I was so shocked at the infestation that I posted without searching, later found some discussions of the patty/SHB connection. Yuck. Smaller pieces sounds like a good idea.


----------



## Flipstick (May 24, 2010)

Search "making shb traps with Fatbeeman. I'm using them and I can test they are working great. I'm also using screen bottom boards with trays, oil in some and lime in others.


----------



## arcowandbeegirl (Oct 11, 2010)

Nastly little bugs!! I use the freeman beetle trap and also the clear plastic beetle jail. I have been happy with both traps.

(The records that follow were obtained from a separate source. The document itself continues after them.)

(* Parallelogram law: the midpoint of two almost minimizers is in Om, so they are close. *)
Lemma minimizing_sequence_cauchy x L (z : nat -> pt) :
  (forall y, Om y -> L <= dot d (vsub x y) (vsub x y)) ->
  (forall n, Om (z n) /\ dot d (vsub x (z n)) (vsub x (z n)) < L + / INR (S n)) ->
  forall n m, (n <= m)%nat -> norm d (vsub (z n) (z m)) <= 2 * sqrt (/ INR (S n)).
Proof.
  intros HL Hz n m Hnm.
  assert (Hmid : Om (vadd (vscal (1/2) (z n)) (vscal (1 - 1/2) (z m))))
    by (apply Om_convex; [apply Hz | apply Hz | lra]).
  specialize (HL _ Hmid).
  assert (Hsq : dot d (vsub (z n) (z m)) (vsub (z n) (z m)) <= 4 * / INR (S n)).
  { replace (vsub (z n) (z m)) with (vsub (vsub x (z m)) (vsub x (z n))) by vec_ring.
    rewrite parallelogram.
    replace (vscal (1/2) (vadd (vsub x (z n)) (vsub x (z m))))
      with (vsub x (vadd (vscal (1/2) (z n)) (vscal (1 - 1/2) (z m))))
      by (apply functional_extensionality; intro; unfold vsub, vadd, vscal; field).
    destruct (Hz n) as [_ Hn]; destruct (Hz m) as [_ Hm].
    assert (/ INR (S m) <= / INR (S n))
      by (apply Rinv_le_contravar; [apply lt_0_INR; lia | apply le_INR; lia]).
    lra. }
  assert (Hinv : 0 < / INR (S n)) by (apply Rinv_0_lt_compat, lt_0_INR; lia).
  pose proof (sqrt_pos (/ INR (S n))).
  apply Rsqr_le_nonneg; [lra |].
  rewrite norm_sq. replace (2 * sqrt (/ INR (S n)) * (2 * sqrt (/ INR (S n))))
    with (4 * (sqrt (/ INR (S n)) * sqrt (/ INR (S n)))) by ring.
  rewrite sqrt_sqrt by lra. exact Hsq.
Qed.

Lemma nearest_point_exists x : (exists y, Om y) -> in_Rd d x -> exists X, is_nearest d Om x X.
Proof.
  intros Hne Hx.
  set (D w := dot d (vsub x w) (vsub x w)).
  destruct (minimizing_sequence D Om Hne (fun w _ => dot_self_nonneg d (vsub x w)))
    as [L [z [HL Hz]]].
  destruct (cauchy_pt_limit d z 2 (fun n => Om_in_Rd _ (proj1 (Hz n)))
              (minimizing_sequence_cauchy x L z HL Hz)) as [X [HXi HXz]].
  set (t n := sqrt (/ INR (S n))) in *.
  set (C := sqrt (INR d) * 2) in *.
  assert (HC : C >= 0) by (pose proof (sqrt_pos (INR d)); unfold C; lra).
  assert (Hzw : forall n w, Om w -> norm d (vsub x (z n)) <= norm d (vsub x w) + t n).
  { intros n w Hw. pose proof (norm_nonneg d (vsub x w)). pose proof (sqrt_pos (/ INR (S n))).
    assert (Ht2 : t n * t n = / INR (S n))
      by (apply sqrt_sqrt; left; apply Rinv_0_lt_compat, lt_0_INR; lia).
    apply Rsqr_le_nonneg; [unfold t in *; lra |].
    rewrite norm_sq. destruct (Hz n) as [_ Hn]. specialize (HL w Hw). unfold D in *.
    rewrite <- norm_sq in HL. unfold t in *. nra. }
  exists X; split.
  - split; auto. intros eps Heps.
    destruct (exists_inv_sqrt_lt C eps HC Heps) as [n Hn].
    exists (z n); split; [apply Hz |].
    specialize (HXz n). unfold t in *; lra.
  - intros w Hw. apply le_of_forall_pos_lt; intros eps Heps.
    destruct (exists_inv_sqrt_lt (C + 1) eps ltac:(lra) Heps) as [n Hn].
    pose proof (norm_sub_triangle d x (z n) X). specialize (HXz n).
    specialize (Hzw n w Hw). unfold t in *. lra.
Qed.

Lemma nearest_dist_pos x X : in_Rd d x -> ~ closure d Om x -> is_nearest d Om x X ->
  norm d (vsub x X) > 0.
Proof.
  intros Hx Hncl [[HXi HXapp] _].
  destruct (Rlt_or_le 0 (norm d (vsub x X))) as [| Hle]; auto. exfalso. apply Hncl.
  split; auto. intros eps Heps. destruct (HXapp eps Heps) as [y [Hy Hyd]].
  exists y; split; auto.
  pose proof (norm_sub_triangle d y X x). pose proof (norm_nonneg d (vsub x X)).
  rewrite (norm_sub_sym d X x) in H. lra.
Qed.

(* Test minimality on the segment from X towards z, which lies in Om. *)
Lemma nearest_variational x X z : is_nearest d Om x X -> Om z ->
  dot d (vsub x X) (vsub z X) <= 0.
Proof.
  intros [HXc HXm] Hz. set (a := vsub x X); set (w := vsub z X).
  destruct (Rle_or_lt (dot d a w) 0) as [| Hpos]; auto. exfalso.
  pose proof (dot_self_nonneg d w).
  set (s := Rmin 1 (dot d a w / (dot d w w + 1))).
  assert (Hs : 0 < s <= 1).
  { split; [apply Rmin_pos; [lra | apply Rdiv_lt_0_compat; lra] | apply Rmin_l]. }
  assert (Hsw : s * (dot d w w + 1) <= dot d a w).
  { pose proof (Rmin_r 1 (dot d a w / (dot d w w + 1))).
    assert (dot d a w / (dot d w w + 1) * (dot d w w + 1) = dot d a w) by (field; lra).
    fold s in H0. nra. }
  specialize (HXm _ (segment_from_closure X z s HXc Hz Hs)).
  replace (vsub x (vadd X (vscal s (vsub z X)))) with (vsub a (vscal s w)) in HXm
    by (unfold a, w; vec_ring).
  assert (Hq : norm d a * norm d a <= norm d (vsub a (vscal s w)) * norm d (vsub a (vscal s w))).
  { pose proof (norm_nonneg d a). apply Rmult_le_compat; auto. }
  rewrite !norm_sq, dot_sub_l, !dot_sub_r, !dot_scal_l, !dot_scal_r, (dot_sym d w a) in Hq.
  nra.
Qed.

Lemma nearest_in_bdry x X : in_Rd d x -> is_nearest d Om x X -> norm d (vsub x X) > 0 ->
  bdry d Om X.
Proof.
  intros Hx [HXc HXm] Hpos. pose proof (proj1 HXc) as HXi. set (a := vsub x X) in *.
  split; [auto | split; [auto |]]. intros eps Heps.
  destruct (exists_small_scale eps (norm d a) Heps ltac:(lra)) as [s [Hs Hsa]].
  exists (vadd X (vscal (s / 2) a)). split; [split |].
  - apply in_Rd_add, in_Rd_scal, in_Rd_sub; auto.
  - intro Hy. specialize (HXm _ Hy).
    replace (vsub x (vadd X (vscal (s / 2) a))) with (vscal (1 - s / 2) a) in HXm
      by (unfold a; vec_ring).
    rewrite norm_scal, Rabs_pos_eq in HXm by lra. nra.
  - replace (vsub (vadd X (vscal (s / 2) a)) X) with (vscal (s / 2) a) by vec_ring.
    rewrite norm_scal, Rabs_pos_eq by lra. nra.
Qed.

(* Both -nu X and (x - X)/|x - X| are unit vectors, and every direction entering Om
   makes an obtuse angle with x - X. *)
Lemma nearest_inner_normal x X : in_Rd d x -> is_nearest d Om x X -> norm d (vsub x X) > 0 ->
  nu X = vscal (- / norm d (vsub x X)) (vsub x X).
Proof.
  intros Hx HXn Hpos.
  pose proof (nearest_in_bdry x X Hx HXn Hpos) as HXb.
  pose proof (bdry_in_Rd X HXb) as HXi.
  destruct (inner_normal_unit X HXb) as [Hnui Hnu1].
  set (a := vsub x X) in *. set (del := norm d a) in *.
  assert (Hunit : forall v, norm d v = 1 -> dot d v v = 1)
    by (intros v Hv; rewrite <- norm_sq, Hv; ring).
  assert (Hu : forall w, dot d (vscal (/ del) a) w = dot d (vscal (-1) (nu X)) w).
  { apply unit_dot_eq_of_halfspace.
    - apply in_Rd_scal, in_Rd_sub; auto.
    - apply in_Rd_scal; auto.
    - apply Hunit. rewrite norm_scal, Rabs_pos_eq by (left; apply Rinv_0_lt_compat; lra).
      fold del; field; lra.
    - apply Hunit. rewrite norm_scal, Hnu1, Rabs_left by lra; ring.
    - intros v Hv Hgv. rewrite dot_scal_l in Hgv.
      destruct (inner_directions_enter X v HXb Hv ltac:(lra)) as [s [Hs Hp]].
      pose proof (nearest_variational x X _ HXn Hp) as Hvar.
      replace (vsub (vadd X (vscal s v)) X) with (vscal s v) in Hvar by vec_ring.
      rewrite dot_scal_r in Hvar. rewrite dot_scal_l.
      pose proof (Rinv_0_lt_compat _ Hpos). fold a in Hvar. nra. }
  apply (veq_in_Rd_eq d); [auto | apply in_Rd_scal, in_Rd_sub; auto |].
  apply veq_of_dot_eq; intro w'. specialize (Hu w'). rewrite !dot_scal_l in *. lra.
Qed.

(** * The lower envelope *)

Section LowerEnvelope.

Variables (h0 lam0 : R) (hs : pt -> R).
Hypothesis Om_nonempty : exists x, Om x.
Hypothesis lam0_pos : lam0 > 0.
Hypothesis hs_inf : forall x, in_Rd d x ->
  is_inf (fun v => exists X, bdry d Om X /\ v = h0 + lam0 * dot d (nu X) (vsub x X)) (hs x).

Lemma hs_le_affine x X : in_Rd d x -> bdry d Om X ->
  hs x <= h0 + lam0 * dot d (nu X) (vsub x X).
Proof. intros Hx HX. apply (proj1 (hs_inf x Hx)). exists X; auto. Qed.

(* Each affine function is >= h0 on Om and has slope lam0. *)
Lemma hs_ge_dist x z : in_Rd d x -> closure d Om z -> hs x >= h0 - lam0 * norm d (vsub x z).
Proof.
  intros Hx Hz. apply Rle_ge, (proj2 (hs_inf x Hx)). intros v [X [HX ->]].
  replace (vsub x X) with (vadd (vsub x z) (vsub z X)) by vec_ring.
  rewrite dot_add_r. pose proof (inner_normal_supports_closure X z HX Hz).
  pose proof (dot_ge_neg_norm d (nu X) (vsub x z)).
  rewrite (proj2 (inner_normal_unit X HX)) in H0. nra.
Qed.

Lemma hs_lipschitz x y : in_Rd d x -> in_Rd d y -> hs y <= hs x + lam0 * norm d (vsub y x).
Proof.
  intros Hx Hy.
  enough (hs y - lam0 * norm d (vsub y x) <= hs x) by lra.
  apply (proj2 (hs_inf x Hx)). intros v [X [HX ->]].
  pose proof (hs_le_affine y X Hy HX).
  replace (vsub y X) with (vadd (vsub x X) (vsub y x)) in H by vec_ring.
  rewrite dot_add_r in H. pose proof (dot_le_norm d (nu X) (vsub y x)).
  rewrite (proj2 (inner_normal_unit X HX)) in H0. nra.
Qed.

Lemma hs_bdry X : bdry d Om X -> hs X = h0.
Proof.
  intro HX. pose proof (bdry_in_Rd X HX) as HXi.
  pose proof (hs_le_affine X X HXi HX). rewrite dot_sub_diag_r in H.
  pose proof (hs_ge_dist X X HXi (proj1 HX)). rewrite norm_sub_diag in H0. lra.
Qed.

(* On the ray from the nearest point X through x, the affine function of X and
   the distance bound through X agree. *)
Lemma hs_nearest_ray x X c : in_Rd d x -> ~ closure d Om x -> is_nearest d Om x X -> c >= 0 ->
  hs (vadd X (vscal c (vsub x X))) = h0 - lam0 * (c * norm d (vsub x X)).
Proof.
  intros Hx Hncl HXn Hc.
  pose proof (nearest_dist_pos x X Hx Hncl HXn) as Hpos.
  pose proof (nearest_in_bdry x X Hx HXn Hpos) as HXb.
  pose proof (bdry_in_Rd X HXb) as HXi.
  set (y := vadd X (vscal c (vsub x X))).
  assert (Hyi : in_Rd d y) by (apply in_Rd_add, in_Rd_scal, in_Rd_sub; auto).
  assert (HyX : vsub y X = vscal c (vsub x X)) by (unfold y; vec_ring).
  pose proof (hs_le_affine y X Hyi HXb) as Hup.
  rewrite (nearest_inner_normal x X Hx HXn Hpos), HyX, dot_scal_l, dot_scal_r, <- norm_sq in Hup.
  replace (- / norm d (vsub x X) * (c * (norm d (vsub x X) * norm d (vsub x X))))
    with (- (c * norm d (vsub x X))) in Hup by (field; lra).
  pose proof (hs_ge_dist y X Hyi (proj1 HXb)) as Hlo.
  rewrite HyX, norm_scal, Rabs_pos_eq in Hlo by lra. lra.
Qed.

Lemma hs_nearest x X : in_Rd d x -> ~ closure d Om x -> is_nearest d Om x X ->
  hs x = h0 - lam0 * norm d (vsub x X).
Proof.
  intros Hx Hncl HXn. pose proof (hs_nearest_ray x X 1 Hx Hncl HXn ltac:(lra)).
  replace (vadd X (vscal 1 (vsub x X))) with x in H by vec_ring. lra.
Qed.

When I feed pollen I feed it dry outside of the hive, and dont use pollen patties. Although I have in the winter, made sugar bricks and put some pollen substitute in them. Havent noticed any shb on them.


----------



## JRG13 (May 11, 2012)

Put some patty in there to bait them in. I would think the pollen patty was just more attractive to them. I think in order for the traps to work, your bees really need to put pressure on them to hide unless you have a good bait in there, at least better bait then the pollen patties.


----------



## Joseph Clemens (Feb 12, 2005)

I use little stands made from pieces of folded 1/2" square wire mesh, folded so it acts as a stand for the pollen sub patties, lets the bees access them from all sides, that way it's possible for them to guard them against invaders/thieves.


----------



## Riskybizz (Mar 12, 2010)

Joseph you don't have SHB where you are do you?


----------



## Joseph Clemens (Feb 12, 2005)

Uh, I don't want to say this too loud, "no SHB, yet".


----------



## matt1954 (Sep 8, 2010)

Our state inspector was inspecting our yards the other day and we found one hive with SHB. He said to put mineral oil inside the hive where the frames rest. The molecules clog the air duct of the beetle and kill them. I tried it and within three days the hive was without beetles. I found dead ones outside the hive about 4-5 inches, and some dead in the corners of the box. It worked better than anything else I have tried. I drizzled it from a spray bottle onto the frames rests.


----------



## Intheswamp (Jul 5, 2011)

I know it's a small area between the frames but I'd be afraid bees would still get into it the mineral oil that is on part of the inside of the hive. I'm using Beetle Jail Jrs and my DIY oil trays.

Ed


----------



## TooFarGone (Aug 19, 2012)

matt1954 said:


> Our state inspector was inspecting our yards the other day and we found one hive with SHB. He said to put mineral oil inside the hive where the frames rest. The molecules clog the air duct of the beetle and kill them. I tried it and within three days the hive was without beetles. I found dead ones outside the hive about 4-5 inches, and some dead in the corners of the box. It worked better than anything else I have tried. I drizzled it from a spray bottle onto the frames rests.


Mat1954
Do you have the old style metal frame rests with a channel or groove between the ridge and the box wall, or the flat frame rests? I am concerned that the bees would get into the mineral oil with the flat style frame rests, although they would have a harder time reaching the oil if you had the channel.


----------



## Michael Bush (Aug 2, 2002)

>So - what's wrong with my traps? 

You offered irresistible bait elsewhere and wonder why they don't go in your traps.


----------